无人治理的经济
2026年1月,仅通过Coinbase的x402支付协议,AI agent就完成了2000万笔稳定币交易。ERC-8004标准上线数天内,超过24,000个自主agent注册了链上身份。这些agent购买算力、出售服务、交易数据、以机器速度结算——没有人工审核,没有发票,没有明确的纳税人归属。
基础设施正在快速搭建。Coinbase和Cloudflare于2026年3月成立了x402基金会。四个竞争性支付协议——x402、AP2、ACP、TAP——分别由Coinbase、Google、Stripe和Visa支持。美国银行预计到2030年agent支出将达到1550亿美元。麦肯锡的激进估算是3到5万亿美元。

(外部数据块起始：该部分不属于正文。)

(* Let $L$ be a finite-dimensional simplicial complex and let $L_0$ be a subcomplex of $L$. Suppose that for every simplex $\sigma$ of $L_0$ the complex $\mathrm{link}_L(\sigma)$ is contractible. Then the inclusion map $|L|-|L_0|\hookrightarrow |L|$ is a homotopy equivalence.
   Context: Simplicial complexes are geometric: a set of pairwise disjoint open finite-dimensional simplices in a real vector space closed under taking faces; they need not be locally finite. $|L|$ is the union of the simplices of $L$, with the weak topology (coherent with the closures of simplices). $\mathrm{link}_L(\sigma)$ is the subcomplex consisting of all simplices $\tau$ of $L$ having no vertex in common with $\sigma$ such that $\tau$ and $\sigma$ are both faces of some simplex of $L$. *)

From Stdlib Require Import Reals List.
Open Scope R_scope.

Definition topology (X : Type) := (X -> Prop) -> Prop.

Definition continuous {X Y : Type} (TX : topology X) (TY : topology Y)
  (f : X -> Y) : Prop :=
  forall U : Y -> Prop, TY U -> TX (fun x => U (f x)).

Definition subspace_top {X : Type} (T : topology X) (P : X -> Prop)
  : topology {x : X | P x} :=
  fun W => exists U, T U /\ forall q, W q <-> U (proj1_sig q).

Definition I01 := { t : R | 0 <= t <= 1 }.

(* Product topology on X x [0,1] (Euclidean topology on [0,1]). *)
Definition prod_I_top {X : Type} (TX : topology X) : topology (X * I01) :=
  fun W => forall x t, W (x, t) ->
    exists U, TX U /\ U x /\ exists eps, 0 < eps /\
      forall x' t', U x' -> Rabs (proj1_sig t' - proj1_sig t) < eps -> W (x', t').

Definition homotopic {X Y : Type} (TX : topology X) (TY : topology Y)
  (f g : X -> Y) : Prop :=
  exists H : X * I01 -> Y, continuous (prod_I_top TX) TY H /\
    forall x t, (proj1_sig t = 0 -> H (x, t) = f x) /\
                (proj1_sig t = 1 -> H (x, t) = g x).

Definition homotopy_equivalence {X Y : Type} (TX : topology X) (TY : topology Y)
  (f : X -> Y) : Prop :=
  continuous TX TY f /\
  exists g : Y -> X, continuous TY TX g /\
    homotopic TX TX (fun x => g (f x)) (fun x => x) /\
    homotopic TY TY (fun y => f (g y)) (fun y => y).

Definition contractible {X : Type} (T : topology X) : Prop :=
  exists x0 : X, homotopic T T (fun x => x) (fun _ => x0).

Definition finite_set {V : Type} (s : V -> Prop) : Prop :=
  exists l : list V, forall v, s v -> In v l.

Definition subset {V : Type} (s t : V -> Prop) : Prop := forall v, s v -> t v.

Definition is_complex {V : Type} (K : (V -> Prop) -> Prop) : Prop :=
  (forall s, K s -> finite_set s /\ exists v, s v) /\
  (forall s t, K s -> (exists v, t v) -> subset t s -> K t).

Definition is_subcomplex {V : Type} (K0 K : (V -> Prop) -> Prop) : Prop :=
  is_complex K0 /\ forall s, K0 s -> K s.

Definition finite_dim {V : Type} (K : (V -> Prop) -> Prop) : Prop :=
  exists n : nat, forall s, K s ->
    exists l : list V, (length l <= n)%nat /\ forall v, s v -> In v l.

Definition link {V : Type} (K : (V -> Prop) -> Prop) (sigma : V -> Prop)
  : (V -> Prop) -> Prop :=
  fun tau => K tau /\ (forall v, tau v -> ~ sigma v) /\
    exists rho, K rho /\ subset tau rho /\ subset sigma rho.

Definition supp {V : Type} (x : V -> R) : V -> Prop := fun v => x v <> 0.

(* Points of |K|: barycentric coordinate functions whose support is a simplex. *)
Definition in_real {V : Type} (K : (V -> Prop) -> Prop) (x : V -> R) : Prop :=
  (forall v, 0 <= x v) /\ K (supp x) /\
  exists l : list V, NoDup l /\ (forall v, x v <> 0 -> In v l) /\
    fold_right Rplus 0 (map x l) = 1.

Definition real {V : Type} (K : (V -> Prop) -> Prop) := { x : V -> R | in_real K x }.

(* Weak topology: U is open iff its trace on every closed simplex |s|
   is open in the Euclidean topology of |s|. *)
Definition weak_top {V : Type} (K : (V -> Prop) -> Prop) : topology (real K) :=
  fun U => forall s, K s -> forall p : real K, U p -> subset (supp (proj1_sig p)) s ->
    exists eps, 0 < eps /\
      forall q : real K, subset (supp (proj1_sig q)) s ->
        (forall v, Rabs (proj1_sig p v - proj1_sig q v) < eps) -> U q.

(* |K| - |K0| : points whose carrier (open) simplex is not in K0. *)
Definition not_in_sub {V : Type} (K K0 : (V -> Prop) -> Prop) (p : real K) : Prop :=
  ~ K0 (supp (proj1_sig p)).

(* Filter |L| by the open sets W_m of points whose carrier is not a simplex of L0 with at most
   m vertices: W_0 = |L|, and W_n = |L| - |L0| once every simplex of L has at most n vertices.
   Each inclusion W_(k+1) <= W_k is a homotopy equivalence.  A point of W_k close to a simplex
   s of L0 with k+1 vertices is the join of a point of s, with weight 1 - t, and a point y of
   link(s), with weight t.  Raising t while moving y along a contraction of link(s) pushes the
   point into W_(k+1); points far from all such s stay fixed, and the regions near distinct s
   are disjoint.  Continuity in the weak topology is checked on each closed simplex, where
   compactness makes the contractions uniformly continuous.  Composing the finitely many steps
   proves the theorem. *)

From Stdlib Require Import Reals List.
From Stdlib Require Import Lra Lia Classical ClassicalDescription
  ClassicalEpsilon FunctionalExtensionality PropExtensionality ProofIrrelevance Permutation.
Open Scope R_scope.

Lemma Rabs_le_inv a b : Rabs a <= b -> -b <= a <= b.
Proof. unfold Rabs; destruct Rcase_abs; intros; lra. Qed.
Lemma Rabs_lt_inv a b : Rabs a < b -> -b < a < b.
Proof. unfold Rabs; destruct Rcase_abs; intros; lra. Qed.

Section ListSums.
Context {V : Type}.

Definition sumL (f : V -> R) (l : list V) : R := fold_right Rplus 0 (map f l).

Lemma sumL_nil f : sumL f nil = 0. Proof. reflexivity. Qed.
Lemma sumL_cons f v l : sumL f (v :: l) = f v + sumL f l. Proof. reflexivity. Qed.
Lemma sumL_app f l1 l2 : sumL f (l1 ++ l2) = sumL f l1 + sumL f l2.
Proof. induction l1; simpl. rewrite sumL_nil; lra. rewrite !sumL_cons, IHl1. lra. Qed.

Lemma sumL_ext f g l : (forall v, In v l -> f v = g v) -> sumL f l = sumL g l.
Proof. induction l; intros H; [reflexivity|]. rewrite !sumL_cons. rewrite (H a (or_introl eq_refl)).
 rewrite IHl; auto. intros; apply H; right; auto. Qed.

Lemma sumL_scal c f l : sumL (fun v => c * f v) l = c * sumL f l.
Proof. induction l; unfold sumL in *; simpl; [lra|]. rewrite IHl. lra. Qed.

Lemma sumL_minus f g l : sumL (fun v => f v - g v) l = sumL f l - sumL g l.
Proof. induction l; unfold sumL in *; simpl; [lra|]. rewrite IHl. lra. Qed.
Lemma is_derive_moment_primitive (f df : R -> R) (a x : R) :
  0 < a -> (forall y, 0 < y -> derivable_pt_lim f y (df y)) -> 0 < x ->
  is_derive (moment_primitive f a) x (x ^ 2 / 2 * df x).
Proof.
  intros Ha Hdiff Hx.
  assert (cont : forall s, 0 < s -> continuity_pt (fun s => s * f s) s).
  { intros s Hs; apply continuity_pt_mult.
    - apply derivable_continuous_pt, derivable_pt_id.
    - apply derivable_continuous_pt; exists (df s); apply Hdiff, Hs. }
  assert (derP : is_derive (fun y => RInt (fun s => s * f s) a y) x (x * f x)).
  { apply (is_derive_RInt (fun s => s * f s) _ a x).
    - assert (Hx2 : 0 < x / 2) by lra.
      exists (mkposreal _ Hx2); intros y Hy.
      change (Rabs (y - x) < x / 2) in Hy; apply Rabs_def2 in Hy.
      apply (RInt_correct (V := R_CompleteNormedModule)), ex_RInt_continuous.
      intros z [Hz _]; apply continuity_pt_filterlim, cont.
      apply Rlt_le_trans with (2 := Hz), Rmin_glb_lt; lra.
    - apply continuity_pt_filterlim, cont, Hx. }
  assert (derS : is_derive (fun y => y ^ 2 / 2) x x) by (auto_derive; [exact I | field]).
  pose proof (is_derive_mult _ _ x _ _ derS (proj2 (is_derive_Reals _ _ _) (Hdiff x Hx))
                (fun u v => Rmult_comm u v)) as derM.
  pose proof (is_derive_minus _ _ x _ _ derM derP) as derF.
  unfold moment_primitive.
  replace (x ^ 2 / 2 * df x)
    with (minus (plus (mult x (f x)) (mult (x ^ 2 / 2) (df x))) (x * f x))
    by (unfold minus, plus, mult, opp; simpl; ring).
  exact derF.
Qed.

(* Here the left-hand side is
   F(X 1) - F(X 0) and (F o X)' = (ln b - ln a)/2 X^3 f'(X). *)
Lemma moment_deviation_le (f df w : R -> R) (a b I : R) :
  0 < a < b -> (forall y, 0 < y -> derivable_pt_lim f y (df y)) ->
  (forall t, 0 <= t <= 1 -> Rabs (df (geo_path a b t)) <= w t) ->
  (forall t, continuity_pt w t) ->
  is_RInt (fun t => geo_path a b t ^ 3 * w t) 0 1 I ->
  Rabs ((b ^ 2 * f b - a ^ 2 * f a) / 2 - RInt (fun x => x * f x) a b)
    <= (ln b - ln a) / 2 * I.
Proof.
  intros [Ha Hab] Hdiff Hw contw HI.
  set (L := ln b - ln a).
  assert (HL : 0 < L) by (unfold L; pose proof (ln_increasing a b Ha Hab); lra).
  set (X := geo_path a b).
  set (H := fun t => moment_primitive f a (X t)).
  assert (ends : (b ^ 2 * f b - a ^ 2 * f a) / 2 - RInt (fun x => x * f x) a b = H 1 - H 0).
  { unfold H, moment_primitive, X; rewrite geo_path_0, geo_path_1, RInt_point by lra.
    unfold zero; simpl; field. }
  set (B := fun t => L / 2 * (X t ^ 3 * w t)).
  assert (intB : RInt B 0 1 = L / 2 * I)
    by exact (is_RInt_unique _ _ _ _ (is_RInt_scal _ _ _ _ _ HI)).
  rewrite ends, <- intB.
  apply (abs_increment_le_RInt H (fun t => L * X t * (X t ^ 2 / 2 * df (X t)))); [lra | | |].
  - intros t _; exact (is_derive_comp _ X t _ _
      (is_derive_moment_primitive f df a (X t) Ha Hdiff (geo_path_pos a b t))
      (is_derive_geo_path a b t)).
  - intros t Ht; unfold B.
    assert (Hk : 0 <= L / 2 * X t ^ 3)
      by (apply Rmult_le_pos; [lra | apply pow_le, Rlt_le, geo_path_pos]).
    replace (L * X t * (X t ^ 2 / 2 * df (X t))) with (L / 2 * X t ^ 3 * df (X t)) by field.
    rewrite Rabs_mult, (Rabs_right _ (Rle_ge _ _ Hk)), <- Rmult_assoc.
    apply Rmult_le_compat_l, Hw, Ht; exact Hk.
  - intro t; apply continuity_pt_mult; [apply continuity_pt_const; intros u v; reflexivity |].
    apply continuity_pt_mult; [apply continuous_geo_path_pow | apply contw].
Qed.

(* The majorant of |f'| along the path supplied by GA-convexity:
   w(t) = t^alpha |f'(b)| + m (1 - t^alpha) |f'(a^(1/m))|, with cb = |f'(b)| and
   cA = |f'(a^(1/m))|, extended continuously to t < 0. *)
Definition GA_weight (alpha m cb cA t : R) : R :=
  rpow (Rmax 0 t) alpha * cb + m * (1 - rpow (Rmax 0 t) alpha) * cA.

Lemma continuous_GA_weight (alpha m cb cA : R) :
  0 < alpha -> forall t, continuity_pt (GA_weight alpha m cb cA) t.
Proof.
  intros Halpha t; pose proof (continuous_rpow_pos_part alpha Halpha t) as Hr.
  assert (Hc : forall c : R, continuity_pt (fun _ => c) t)
    by (intro c; apply continuity_pt_const; intros u v; reflexivity).
  unfold GA_weight; apply continuity_pt_plus; apply continuity_pt_mult; auto.
  apply continuity_pt_mult, continuity_pt_minus; auto.
Qed.

(* GA-convexity with x = b, y = a^(1/m), lambda = t bounds h along the path. *)
Lemma GA_convex_on_geo_path (alpha m a b : R) (h : R -> R) :
  0 < a <= b -> 0 < m ->
  GA_convex alpha m (Rmax (Rpower a (1 / m)) b) h ->
  forall t, 0 <= t <= 1 ->
  h (geo_path a b t) <= GA_weight alpha m (h b) (h (Rpower a (1 / m))) t.
Proof.
  intros [Ha Hab] Hm Hconv t Ht.
  assert (HA : 0 < Rpower a (1 / m)) by apply exp_pos.
  assert (HXb : geo_path a b t <= b) by (apply geo_path_le; lra).
  pose proof (geo_path_pos a b t).
  pose proof (Rmax_l (Rpower a (1 / m)) b); pose proof (Rmax_r (Rpower a (1 / m)) b).
  unfold GA_weight; rewrite Rmax_right by lra.
  rewrite <- (geo_path_GA a b ltac:(lra) m t) by lra.
  apply Hconv; rewrite ?geo_path_GA by lra; lra.
Qed.

Lemma is_RInt_GA_weight (alpha m cb cA a b G : R) (n : nat) :
  0 < a -> 0 < b -> a <> b -> (0 < n)%nat ->
  is_RInt (G_integrand a b alpha (INR n)) 0 1 G ->
  is_RInt (fun t => geo_path a b t ^ n * GA_weight alpha m cb cA t) 0 1
    (m * (logmean (a ^ n) (b ^ n) - G) * cA + G * cb).
Proof.
  intros Ha Hb Hab Hn HG.
  set (Xn := fun t => geo_path a b t ^ n).
  set (r := fun t => rpow (Rmax 0 t) alpha).
  assert (IG : is_RInt (fun t => r t * Xn t) 0 1 G).
  { apply (is_RInt_ext (G_integrand a b alpha (INR n))); [| exact HG].
    intros t Ht; rewrite Rmin_left, Rmax_right in Ht by lra.
    unfold r, Xn; rewrite Rmax_right by lra; apply G_integrand_geo_path. }
  apply (is_RInt_ext (fun t => plus (scal cb (r t * Xn t))
                                 (scal (m * cA) (minus (Xn t) (r t * Xn t))))).
  - intros t _; unfold GA_weight, minus, plus, scal, opp; simpl; unfold mult; simpl.
    fold (r t) (Xn t); ring.
  - replace (m * (logmean (a ^ n) (b ^ n) - G) * cA + G * cb) with
      (plus (scal cb G) (scal (m * cA) (minus (logmean (a ^ n) (b ^ n)) G)))
      by (unfold minus, plus, scal, opp; simpl; unfold mult; simpl; ring).
    apply (is_RInt_plus (V := R_NormedModule)); apply (is_RInt_scal (V := R_NormedModule));
      [exact IG | apply (is_RInt_minus (V := R_NormedModule)); [| exact IG]].
    apply is_RInt_geo_path_pow; assumption.
Qed.

Theorem corollary3p1
  (f df : R -> R) (a b alpha m : R)
  (Hdiff : forall x : R, 0 < x -> derivable_pt_lim f x (df x))
  (Hdiff0 : right_deriv f 0 (df 0))
  (Hab : 0 < a < b)
  (Halpha : 0 < alpha <= 1) (Hm : 0 < m <= 1)
  (Hconv : GA_convex alpha m (Rmax (Rpower a (1 / m)) b) (fun x => Rabs (df x)))
  (prI : Riemann_integrable (fun x => x * f x) a b)
  (prG : Riemann_integrable (G_integrand a b alpha 3) 0 1) :
  Rabs ((b ^ 2 * f b - a ^ 2 * f a) / 2 - RiemannInt prI)
    <= (ln b - ln a) / 2 *
       (m * (logmean (a ^ 3) (b ^ 3) - RiemannInt prG) * Rabs (df (Rpower a (1 / m)))
        + RiemannInt prG * Rabs (df b)).
Proof.
  assert (IG : is_RInt (G_integrand a b alpha (INR 3)) 0 1 (RiemannInt prG)).
  { rewrite <- (RInt_Reals _ _ _ prG); replace (INR 3) with 3 by (simpl; ring).
    exact (RInt_correct (V := R_CompleteNormedModule) _ _ _ (ex_RInt_Reals_1 _ _ _ prG)). }
  rewrite <- (RInt_Reals _ _ _ prI).
  apply (moment_deviation_le f df
           (GA_weight alpha m (Rabs (df b)) (Rabs (df (Rpower a (1 / m))))) a b);
    [exact Hab | exact Hdiff | | | ].
  - apply (GA_convex_on_geo_path alpha m a b (fun x => Rabs (df x))); [lra | lra | exact Hconv].
  - apply continuous_GA_weight, Halpha.
  - apply is_RInt_GA_weight; [lra | lra | lra | lia | exact IG].
Qed.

而确保这一经济体系惠及人类社会的治理层——根本不存在。
每一次重大经济转型都遵循相同的模式。技术到来,资本涌入,治理迟到——在损害已经造成之后。工厂中的童工。2008年之前不受监管的衍生品。注意力经济中的隐私侵犯。我们正在实时目睹同样的事情再次发生,只不过这次的速度以月而非以十年计。
本文探讨200年的经济学理论、40年的金融市场监管和一个世纪的制度经济学,对于治理自主机器经济究竟能告诉我们什么。答案没有看上去那么具有投机性。AI agent经济将面临的许多问题——基于速度的市场操纵、垄断形成、共谋、监管套利、被取代工人的意义危机——已经被广泛研究。有些已经解决。有些抵抗了所有尝试。区分哪些是哪些,至关重要。
我们不是在对机器人征税,而是在纠正一项补贴
“机器人税”的辩论始于2017年Bill Gates的提议:如果一个机器人做了价值5万美元的工作,就应该和做同样工作的人承受相当的税负。Larry Summers称之为”深刻的误导”——对进步的保护主义。大多数经济学家表示同意。定义问题似乎是致命的:你在哪里划线区分机器人和Microsoft Word?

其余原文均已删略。